(Collected data)
Lemma sum_ffun6 (R : nmodType) (T : finType) (g : {ffun 'I_6 -> T} -> R) :
  \sum_f g f =
  \sum_x0 \sum_x1 \sum_x2 \sum_x3 \sum_x4 \sum_x5 g (ffun6 (x0, x1, x2, x3, x4, x5)).
Proof.
rewrite (reindex (@ffun6 T)); last first.
  by exists (@ffun6_inv T) => t _; [apply: ffun6K | apply: ffun6_invK].
by rewrite !pair_bigA; apply: eq_bigr => [[[[[[x0 x1] x2] x3] x4] x5]].
Qed.

Section QuadraticCharacter.

Variable F : finFieldType.
Hypothesis F_odd : odd #|F|.
Local Notation q := #|F|.
Local Notation h := #|F|./2.

Let q_gt1 : (1 < q)%N := finNzRing_gt1 F.

Lemma two_neq0 : (2 : F) != 0.
Proof.
apply: contraTneq F_odd => two0.
have pchar2 : 2%N \in [pchar F] by rewrite inE two0 eqxx.
have [e] := p_natP (abelem_pgroup (fin_ring_pchar_abelem pchar2)).
rewrite cardsT; change (q = (2 ^ e)%N -> ~~ odd q).
case: e => [|e] cardF; last by rewrite cardF oddX.
by have := q_gt1; rewrite cardF.
Qed.

Lemma expf_card_pred (x : F) : x != 0 -> x ^+ q.-1 = 1.
Proof.
move=> x0; apply: (mulfI x0); rewrite mulr1 -exprS prednK ?expf_card //.
exact: ltnW q_gt1.
Qed.

Lemma expf_half_sqr (y : F) : y != 0 -> (y ^+ 2) ^+ h = 1.
Proof. by move=> y0; rewrite -exprM mulnC muln2 odd_halfK // expf_card_pred. Qed.

Lemma expf_half (x : F) : x != 0 -> x ^+ h = 1 \/ x ^+ h = -1.
Proof.
move=> x0; have : (x ^+ h) ^+ 2 == 1 by rewrite -exprM mulnC exprM expf_half_sqr.
by rewrite sqrf_eq1 => /orP [] /eqP; [left | right].
Qed.

Lemma N1_neq1 : (-1 : F) != 1.
Proof. by rewrite -subr_eq0 -opprD oppr_eq0; exact: two_neq0. Qed.

Definition qchar (x : F) : int := if x == 0 then 0 else if x ^+ h == 1 then 1 else -1.

Lemma qchar0 : qchar 0 = 0. Proof. by rewrite /qchar eqxx. Qed.

Lemma qchar1 : qchar 1 = 1. Proof. by rewrite /qchar oner_eq0 expr1n eqxx. Qed.

Lemma qchar_sign (x : F) : x != 0 -> qchar x = 1 \/ qchar x = -1.
Proof. by rewrite /qchar => /negbTE ->; case: ifP; [left | right]. Qed.

Lemma qcharM (x y : F) : qchar (x * y) = qchar x * qchar y.
Proof.
rewrite /qchar mulf_eq0; have [-> | x0] /= := eqVneq x 0; first by rewrite mul0r.
have [_ | y0] := eqVneq y 0; first by rewrite mulr0.
rewrite exprMn; case: (expf_half x0) => ->; case: (expf_half y0) => ->;
  by rewrite !(mulr1, mul1r, mulrNN, eqxx, (negbTE N1_neq1)).
Qed.

Lemma qchar_sqr (x : F) : x != 0 -> qchar (x ^+ 2) = 1.
Proof.
by move=> x0; rewrite /qchar sqrf_eq0 (negbTE x0) expf_half_sqr // eqxx.
Qed.

Lemma qcharV (x : F) : qchar x^-1 = qchar x.
Proof.
have [-> | x0] := eqVneq x 0; first by rewrite invr0.
have : qchar x * qchar x^-1 = 1 by rewrite -qcharM mulfV // qchar1.
by case: (qchar_sign x0) => ->; rewrite ?mul1r // mulN1r => /eqP; rewrite eqr_oppLR => /eqP.
Qed.

Definition nsqrt (x : F) : nat := #|[set y : F | y ^+ 2 == x]|.
(* (a) Let $\Gamma$ be a perfect matching drawing containing a matching edge $e=uv$ inside a disk $D$ that meets $\Gamma$ only in $e$, its endpoints, and initial segments of the four other edges at $u$ and $v$. Let the edge-ends of these other edges be $\alpha,\beta$ at $u$ and $\gamma,\delta$ at $v$, in cyclic order $\alpha,\beta,\delta,\gamma$ around $\partial D$. Let $\Gamma_H$ be obtained by the IH-move at $e$: inside $D$, replace $u,v,e$ by new vertices $u',v'$ and a new matching edge $e'=u'v'$, with $\alpha,\gamma$ attached to $u'$ and $\beta,\delta$ attached to $v'$. Let $\Gamma_{\mathrm{I}}$ be obtained from $\Gamma$ by replacing the contents of $D$ with two disjoint arcs joining $\alpha$ to $\gamma$ and $\beta$ to $\delta$, and let $\Gamma_{=}$ be obtained by replacing the contents of $D$ with two disjoint arcs joining $\alpha$ to $\beta$ and $\gamma$ to $\delta$. Then $$\langle\Gamma\rangle_2-\langle\Gamma_H\rangle_2=\langle\Gamma_{\mathrm{I}}\rangle_2-\langle\Gamma_{=}\rangle_2.$$ (b) Let $G_1$ be a planar trivalent graph with perfect matching $M_1$, and perform the same local constructions on a plane embedding, at a matching edge $e=uv$ as in (a), producing a plane graph $G_2$ with perfect matching $M_2=(M_1\setminus\{e\})\cup\{e'\}$ (the IH-move), a plane graph $G_3$ (delete $u,v,e$ and join the edges ending in $\alpha,\gamma$ into one edge and the edges ending in $\beta,\delta$ into one edge) with perfect matching $M_3=M_1\setminus\{e\}$, and a plane graph $G_4$ (delete $u,v,e$ and join the edges ending in $\alpha,\beta$ into one edge and those ending in $\gamma,\delta$ into one edge) with perfect matching $M_4=M_1\setminus\{e\}$. Then $$|G_1:M_1|_2-|G_2:M_2|_2=|G_3:M_3|_2-|G_4:M_4|_2.$$
   Context: Graphs are finite and may have multiple edges; trivalent means every vertex has degree $3$. $|G:M|_2$ denotes the number of $2$-factors (spanning subgraphs in which every vertex has degree $2$) of $G$ that contain every edge of $M$. A perfect matching drawing $\Gamma$ is a collection of trivalent vertices, edges and vertex-free closed curves drawn in the $2$-sphere by a generic immersion (transverse double points away from vertices, carrying no extra data), together with a set $M$ of edges forming a perfect matching of the vertices. For a matching edge $e=uv$ with other edge-ends $\alpha,\beta$ at $u$ and $\gamma,\delta$ at $v$ in cyclic order $\alpha,\beta,\delta,\gamma$ around a small disk about $e$, the $0$-resolution deletes $e,u,v$ and joins $\alpha$–$\gamma$ and $\beta$–$\delta$ by disjoint arcs, and the $1$-resolution joins $\alpha$–$\delta$ and $\beta$–$\gamma$ by two arcs crossing once. For a state $s:M\to\{0,1\}$, resolving every matching edge gives $c(s)$ immersed closed curves, and the $2$-factor bracket is $\langle\Gamma\rangle_2(z)=\sum_s(-z)^{|s|}(z+z^{-1})^{c(s)}\in\mathbb{Z}[z,z^{-1}]$, $|s|$ being the number of edges assigned $1$. *)

From HB Require Import structures.
From mathcomp Require Import all_boot all_order all_algebra.
Set Implicit Arguments. Unset Strict Implicit. Unset Printing Implicit Defensive.
Import GRing.Theory.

**TASK DETAILS:**
Extract all lines of the records above that include "first".

**RESPONSE BOX:**
rewrite (reindex (@ffun6 T)); last first.
rewrite /qchar mulf_eq0; have [-> | x0] /= := eqVneq x 0; first by rewrite mul0r.
have [_ | y0] := eqVneq y 0; first by rewrite mulr0.
have [-> | x0] := eqVneq x 0; first by rewrite invr0.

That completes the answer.